Thursday, January 20, 2005

Business Paradigms: eBay versus Amazon

The dynamics of human interaction in a marketplace have not changed all that much since the first axehead was traded for a shiny stone. The maximization of value, profit and satisfaction are still the critical success factors in a commercial transaction. The exploding digital economy has introduced various new channels for connecting buyers and sellers. These channels range from manufacturer catalogs to retail stores online. An alternative model, one that represents a commercial undercurrent as old as traditional commerce, is represented by the eBay model.

eBay provides a fluid, ever-changing marketplace to anyone with a modem and an axehead to sell. The pricing dynamics are far more fluid than a traditional store or market, and constitute greater involvement of the purchaser in the pricing decision.

Amazon represents the other, more formal, model of online sales. While Amazon does have it's own auctions fora, it is more identified as an intermediary between manufacturers and consumers, like any other retailer. Because of it's sheer economic heft, Amazon is able to extract savings from the suppliers and pass some on to the customers, much like the more well-known gorilla, Walmart.

While it is not the case that one model will win out over the other in the long term, I find better value in the Amazon model. The price arbitrage in the eBay model is short-lived and not significant when you factor in shipping costs, and I have observed pricing for different categories in eBay tend to seek certain levels, a topic for another time. The significant advantage of eBay is as a forum for disintermediation of the buyer and the seller, and as a seeding ground for a thousand Amazons, as it were.

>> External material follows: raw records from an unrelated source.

(* Let $p$ be an odd prime, $n$ a positive integer, $d=\frac{p^n+1}{2}$ and $F(x)=x^d$ on $\mathrm{GF}(p^n)$. For every $c\in\mathrm{GF}(p^n)$ with $c\neq\pm1$, ${}_c\Delta_F\le 4$. Moreover, if $p^n\equiv1\pmod 4$ and $c\neq\pm1$ satisfies $\chi\big(\frac{1-c}{1+c}\big)=1$, then ${}_c\Delta_F\le 2$.
   Context: For a function $F:\mathrm{GF}(p^n)\to\mathrm{GF}(p^n)$ and $a,b,c\in\mathrm{GF}(p^n)$, let ${}_c\Delta_F(a,b)=\#\{x\in\mathrm{GF}(p^n): F(x+a)-cF(x)=b\}$. The $c$-differential uniformity of $F$ is ${}_c\Delta_F=\max\{{}_c\Delta_F(a,b): a,b\in\mathrm{GF}(p^n),\ \text{and } a\neq 0 \text{ if } c=1\}$. $\chi$ denotes the quadratic multiplicative character of $\mathrm{GF}(p^n)^*$ ($\chi(y)=1$ if $y$ is a nonzero square, $-1$ otherwise). *)

From HB Require Import structures.
From mathcomp Require Import all_boot all_order all_algebra all_field.
Set Implicit Arguments. Unset Strict Implicit. Unset Printing Implicit Defensive.
Import GRing.Theory.
Local Open Scope ring_scope.

Definition cDelta (K : finFieldType) (f : K -> K) (c a b : K) : nat :=
  #|[set x : K | f (x + a) - c * f x == b]|.

Definition cDU (K : finFieldType) (f : K -> K) (c : K) : nat :=
  \max_(ab : K * K | (c != 1) || (ab.1 != 0)) cDelta f c ab.1 ab.2.

Definition chi (K : finFieldType) (y : K) : int :=
  if y == 0 then 0%R
  else if [exists z : K, z ^+ 2 == y] then 1%R else (-1)%R.

From mathcomp Require Import all_boot all_order all_algebra all_field.
From mathcomp Require Import ring.
Set Implicit Arguments. Unset Strict Implicit.
Import GRing.Theory.
Local Open Scope ring_scope.

(* Write q = 2m + 1 and d = m + 1.  Since y^m = +-1 for y <> 0 (Euler's
   criterion), x^d = s(x) x with a sign s(x) = +-1.  Once the signs
   s(x + a) and s(x) are fixed, F(x + a) - c F(x) = b becomes a linear
   equation in x whose coefficient s(x + a) - c s(x) vanishes only for
   c = +-1, so each of the four sign patterns carries at most one solution.
   If moreover (1 - c)^m = (1 + c)^m, raising the linear equation to the
   m-th power shows that s(x) is determined by s(x + a), leaving two
   patterns. *)

Lemma subr_mul_sign_neq0 (K : idomainType) (s1 s2 c : K) :
  s1 ^+ 2 = 1 -> s2 ^+ 2 = 1 -> c ^+ 2 != 1 -> s1 - c * s2 != 0.
Proof.
move=> s1_sq s2_sq; apply: contra; rewrite subr_eq0 => /eqP s1E.
by rewrite -s1_sq s1E exprMn s2_sq mulr1.
Qed.

Lemma chi_eq1_expr_half (K : finFieldType) (m : nat) (y : K) :
  #|K| = (m * 2).+1 -> chi y = 1 -> y ^+ m = 1.
Proof.
move=> cardK; rewrite /chi; have [//|y_neq0] := eqVneq y 0.
case: ifP => [/existsP [z /eqP z_sq] _|_ /eqP //]; subst y.
have z_neq0 : z != 0 by rewrite -sqrf_eq0.
by apply: (mulfI z_neq0); rewrite -exprM mulnC -exprS -cardK expf_card mulr1.
Qed.

Section OddOrderPower.

Variables (K : finFieldType) (m : nat).
Hypothesis cardK : #|K| = (m * 2).+1.

Lemma expr_half_sqr (y : K) : y != 0 -> (y ^+ m) ^+ 2 = 1.
Proof.
move=> y_neq0; apply: (mulfI y_neq0).
by rewrite -exprM -exprS -cardK expf_card mulr1.
Qed.

(* The value at 0 is irrelevant, since it only ever multiplies 0. *)
Definition euler_sign (y : K) : K := if y ^+ m == -1 then -1 else 1.

Lemma euler_sign_sqr (y : K) : euler_sign y ^+ 2 = 1.
Proof. by rewrite /euler_sign; case: ifP; rewrite ?sqrrN expr1n. Qed.

Lemma exprS_euler_sign (y : K) : y ^+ m.+1 = euler_sign y * y.
Proof.
rewrite exprSr /euler_sign.
have [->|y_neq0] := eqVneq y 0; first by rewrite !mulr0.
move/eqP: (expr_half_sqr y_neq0); rewrite sqrf_eq1.
by case/orP=> /eqP ->; rewrite ?eqxx //; case: ifP => [/eqP <-|].
Qed.

Variables (c a b : K).

Lemma expS_diff_linear (x : K) : (x + a) ^+ m.+1 - c * x ^+ m.+1 = b ->
  (euler_sign (x + a) - c * euler_sign x) * x = b - euler_sign (x + a) * a.
Proof. by move=> <-; rewrite !exprS_euler_sign; ring. Qed.

Hypothesis c_sq_neq1 : c ^+ 2 != 1.

Lemma expS_diff_sol_signs_inj (x y : K) :
  (x + a) ^+ m.+1 - c * x ^+ m.+1 = b -> (y + a) ^+ m.+1 - c * y ^+ m.+1 = b ->
  euler_sign (x + a) = euler_sign (y + a) -> euler_sign x = euler_sign y ->
  x = y.
Proof.
move=> /expS_diff_linear sol_x /expS_diff_linear sol_y Ea E.
have coef_neq0 : euler_sign (x + a) - c * euler_sign x != 0.
  by rewrite subr_mul_sign_neq0 ?euler_sign_sqr.
by apply: (mulfI coef_neq0); rewrite sol_x Ea E -sol_y.
Qed.

Lemma cDelta_expS_le4 : (cDelta (fun x : K => x ^+ m.+1) c a b <= 4)%N.
Proof.
pose signs x := ((x + a) ^+ m == -1, x ^+ m == -1).
have signs_inj :
    {in [set x | (x + a) ^+ m.+1 - c * x ^+ m.+1 == b] &, injective signs}.
  move=> x y; rewrite !inE => /eqP sol_x /eqP sol_y [Ea E].
  by apply: expS_diff_sol_signs_inj; rewrite // /euler_sign ?Ea ?E.
by apply: leq_trans (leq_card_in _ _ signs_inj) _; rewrite card_prod card_bool.
Qed.

Hypothesis c_chi : (1 - c) ^+ m = (1 + c) ^+ m.

Lemma expr_half_sign_sub_mul (e s : K) : e ^+ 2 = 1 -> s ^+ 2 = 1 ->
  (e - c * s) ^+ m = e ^+ m * (1 - c) ^+ m.
Proof.
move=> e_sq s_sq; have -> : e - c * s = e * (1 - c * (s * e)).
  by rewrite mulrBr mulr1 [e * _]mulrC -!mulrA -expr2 e_sq mulr1.
have /eqP : (s * e) ^+ 2 = 1 by rewrite exprMn s_sq e_sq mulr1.
rewrite sqrf_eq1 exprMn => /orP [] /eqP ->.
  by rewrite mulr1.
by rewrite mulrN1 opprK c_chi.
Qed.

Lemma expS_diff_sol_sign_eq (x y : K) :
  (x + a) ^+ m.+1 - c * x ^+ m.+1 = b -> (y + a) ^+ m.+1 - c * y ^+ m.+1 = b ->
  euler_sign (x + a) = euler_sign (y + a) -> euler_sign x = euler_sign y.
Proof.
move=> /expS_diff_linear sol_x /expS_diff_linear sol_y Ea.
set e := euler_sign (x + a) in sol_x Ea.
have k_neq0 : e ^+ m * (1 - c) ^+ m != 0.
  rewrite mulf_neq0 ?expf_neq0 //.
    by rewrite -sqrf_eq0 euler_sign_sqr oner_neq0.
  by apply: contraNneq c_sq_neq1 => /subr0_eq <-; rewrite expr1n.
have := congr1 (fun z => z ^+ m) sol_x; rewrite Ea -sol_y !exprMn.
rewrite -Ea !expr_half_sign_sub_mul ?euler_sign_sqr // => /(mulfI k_neq0) E.
by rewrite /euler_sign E.
Qed.

Lemma cDelta_expS_le2 : (cDelta (fun x : K => x ^+ m.+1) c a b <= 2)%N.
Proof.
pose sign_shift x := (x + a) ^+ m == -1.
have sign_shift_inj :
    {in [set x | (x + a) ^+ m.+1 - c * x ^+ m.+1 == b] &, injective sign_shift}.
  move=> x y; rewrite !inE => /eqP sol_x /eqP sol_y Ea.
  have {}Ea : euler_sign (x + a) = euler_sign (y + a).
    by move: Ea; rewrite /euler_sign /sign_shift => ->.
  by apply: expS_diff_sol_signs_inj => //; apply: expS_diff_sol_sign_eq.
by apply: leq_trans (leq_card_in _ _ sign_shift_inj) _; rewrite card_bool.
Qed.

End OddOrderPower.

Lemma cDU_leq (K : finFieldType) (f : K -> K) (c : K) (N : nat) :
  (forall a b, (cDelta f c a b <= N)%N) -> (cDU f c <= N)%N.
Proof. by move=> le_N; apply/bigmax_leqP => -[a b] _; apply: le_N. Qed.

Theorem theorem6 (p n : nat) (K : finFieldType)
  (hp : prime p) (hodd : odd p) (hn : (0 < n)%N)
  (hchar : p \in [pchar K]) (hcard : #|K| = (p ^ n)%N) :
  let d := ((p ^ n).+1 %/ 2)%N in
  let F := fun x : K => x ^+ d in
  (forall c : K, c != 1 -> c != -1 -> (cDU F c <= 4)%N) /\
  ((p ^ n %% 4 = 1)%N ->
    forall c : K, c != 1 -> c != -1 ->
      chi ((1 - c) / (1 + c)) = 1 -> (cDU F c <= 2)%N).
Proof.
move=> d F; set m := (p ^ n)./2.
have q_eq : (p ^ n = (m * 2).+1)%N.
  by rewrite muln2 -{1}(odd_double_half (p ^ n)) oddX hodd orbT.
have -> : F = fun x => x ^+ m.+1.
  by rewrite /F /d {1}q_eq -[(_ * 2).+2]/(2 + _ * 2)%N -mulSn mulnK.
have cardK : #|K| = (m * 2).+1 by rewrite hcard.
split=> [c c_neq1 c_neqN1 | _ c c_neq1 c_neqN1 chi_c]; apply: cDU_leq => a b;
  have c_sq_neq1 : c ^+ 2 != 1 by rewrite sqrf_eq1 negb_or c_neq1.
  exact: cDelta_expS_le4.
apply: cDelta_expS_le2 => //.
have c1_neq0 : 1 + c != 0 by rewrite addrC addr_eq0.
by apply: divr1_eq; rewrite -expr_div_n (chi_eq1_expr_half cardK chi_c).
Qed.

eBay margins, themselves, are rapidly shrinking. Recent quarterly results were below expectations. This was caused by, according to the management, because "Holiday sales, on which many of the small retailers who have set up shop on eBay's site depend for fourth-quarter sales, were "weaker than expected in the United States and Germany," Other reasons cited were "rapid growth in low-margin related businesses" that helped gross margins erode to 30% in the quarter from 31% in the previous year, and a $7.6 million loss related to "a foreign exchange hedge that impacted our bottom line." While one bad quarter does not a failure make, there will be serious rethinking underway in business circles. Notably, eBay's gross merchandise volume -- the total amount of goods traded through eBay -- as well as the number of new listing, both gained by 39% in the fourth quarter. This is the first time they have been below 40%. In effect, they are seeing saturation in their space.

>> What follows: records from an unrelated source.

Lemma bq_ge0 i j : (j <= N i)%N -> 0 <= bq p i j.
Proof. by move=> jN; rewrite -(bq0 i) bq_le. Qed.

Lemma bq_le1 i j : (j <= N i)%N -> bq p i j <= 1.
Proof. by move=> jN; rewrite -(p_sum1 i) -/(bq p i (N i)) bq_le. Qed.

Lemma digit_coord_unit i a t : (a < N i)%N -> 0 <= t <= 1 ->
  0 <= p i a * t + bq p i a <= 1.
Proof.
move=> aN /andP[t0 t1]; have pa := p_gt0 aN.
have := bq_ge0 (ltnW aN); have := bq_le1 aN; rewrite bqS => q1 q0.
apply/andP; split; nra.
Qed.

Lemma digit_coord_eq0 i a t : (a < N i)%N -> 0 <= t <= 1 ->
  p i a * t + bq p i a = 0 -> a = 0%N /\ t = 0.
Proof.
move=> aN /andP[t0 t1] E; have pa := p_gt0 aN; have q0 := bq_ge0 (ltnW aN).
have pt0 : p i a * t = 0 by nra.
split; last by move: pt0 => /eqP; rewrite mulf_eq0 gt_eqF //= => /eqP.
case: (posnP a) => // a0; have := bq_lt a0 (ltnW aN); rewrite bq0 => q_gt0; exfalso; lra.
Qed.

Lemma digit_coord_eq1 i a t : (a < N i)%N -> 0 <= t <= 1 ->
  p i a * t + bq p i a = 1 -> a.+1 = N i /\ t = 1.
Proof.
move=> aN /andP[t0 t1] E; have pa := p_gt0 aN.
have := bq_le1 aN; rewrite bqS => q1.
have pt1 : p i a * (1 - t) = 0 by nra.
split; last by move: pt1 => /eqP; rewrite mulf_eq0 gt_eqF //= subr_eq0 => /eqP.
case: (ltngtP a.+1 (N i)) => // [aN'|]; last by rewrite ltnS leqNgt aN.
have := bq_lt aN' (leqnn _); rewrite bqS [bq p i (N i)]p_sum1 => q_lt1; exfalso; lra.
Qed.

Lemma digit_coord_eq_lt i a b x y : (a < b)%N -> (b < N i)%N ->
  0 <= x <= 1 -> 0 <= y <= 1 -> p i a * x + bq p i a = p i b * y + bq p i b ->
  [/\ a.+1 = b, x = 1 & y = 0].
Proof.
move=> ab bN /andP[x0 x1] /andP[y0 y1] E.
have pa := p_gt0 (ltn_trans ab bN); have pb := p_gt0 bN.
have := bq_le ab (ltnW bN); rewrite bqS => qab.
case: (ltngtP a.+1 b) => [ab'|ba|eb].
- have := bq_lt ab' (ltnW bN); rewrite bqS => q_lt; exfalso; nra.
- by rewrite ltnS leqNgt ab in ba.
subst b; rewrite bqS in E.
have px : p i a * (1 - x) = 0 by nra.
have py : p i a.+1 * y = 0 by nra.
move: px py => /eqP; rewrite mulf_eq0 gt_eqF //= subr_eq0 => /eqP <-.
by move/eqP; rewrite mulf_eq0 gt_eqF //= => /eqP ->.
Qed.

Lemma digit_coord_eq i a b x y : (a < N i)%N -> (b < N i)%N ->
  0 <= x <= 1 -> 0 <= y <= 1 -> p i a * x + bq p i a = p i b * y + bq p i b ->
  [/\ a = b & x = y] \/ [/\ a.+1 = b, x = 1 & y = 0] \/ [/\ b.+1 = a, x = 0 & y = 1].
Proof.
move=> aN bN x01 y01 E; case: (ltngtP a b) => [ab|ba|eab].
- by right; left; exact: digit_coord_eq_lt ab bN x01 y01 E.
- right; right; have [? ? ?] := digit_coord_eq_lt ba aN y01 x01 (esym E); by split.
- subst b; left; split => //; have pa := p_gt0 aN.
  have : p i a * (x - y) = 0 by lra.
  by move/eqP; rewrite mulf_eq0 gt_eqF //= subr_eq0 => /eqP.
Qed.

Hypothesis N_ge2 : forall i, (2 <= N i)%N.

Lemma p_lt1 i j : (j < N i)%N -> p i j < 1.
Proof.
move=> jN; case: (posnP j) => [->|j0].
  by have := bq_lt (ltnSn 1) (N_ge2 i); have := bq_le1 (N_ge2 i); rewrite !bqS bq0; lra.
by have := bq_lt j0 (ltnW jN); have := bq_le1 jN; rewrite bqS bq0; lra.
Qed.

(* The seed [2^-1] only keeps the ratio positive; the p i j are the real data. *)
Definition contraction_ratio : R :=
  \big[Num.max/2^-1]_(i < d) \big[Num.max/2^-1]_(j < N i) p i j.

Lemma contraction_ratio_lt1 : contraction_ratio < 1.
Proof.
have half_lt1 : (2^-1 : R) < 1 by rewrite invf_lt1 ?ltr1n.
by apply: bigmax_lt => // i _; apply: bigmax_lt => // j _; exact: p_lt1.
Qed.

Lemma contraction_ratio_gt0 : 0 < contraction_ratio.
Proof. by apply: lt_le_trans (bigmax_ge_id _ _ _ _); rewrite invr_gt0. Qed.

Lemma contraction_ratio01 : 0 <= contraction_ratio < 1.
Proof. by rewrite ltW ?contraction_ratio_gt0 ?contraction_ratio_lt1. Qed.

From being a back-alley phenomenon, the business model represented by eBay has come a long way. There is no let up in the growth of the Amazon business model however. The challenges between the two business models finds a corollary in the technology space as well - the open source movement has made great gains against commercial, closed-source software. Eric Raymond's seminal paper "The Cathedral And The Bazaar" captures some of these dynamics. Here too, there is ample scope for both models to continue to develop and deliver business value, despite partisan opinions. If you disagree, I've got a shiny axehead for you.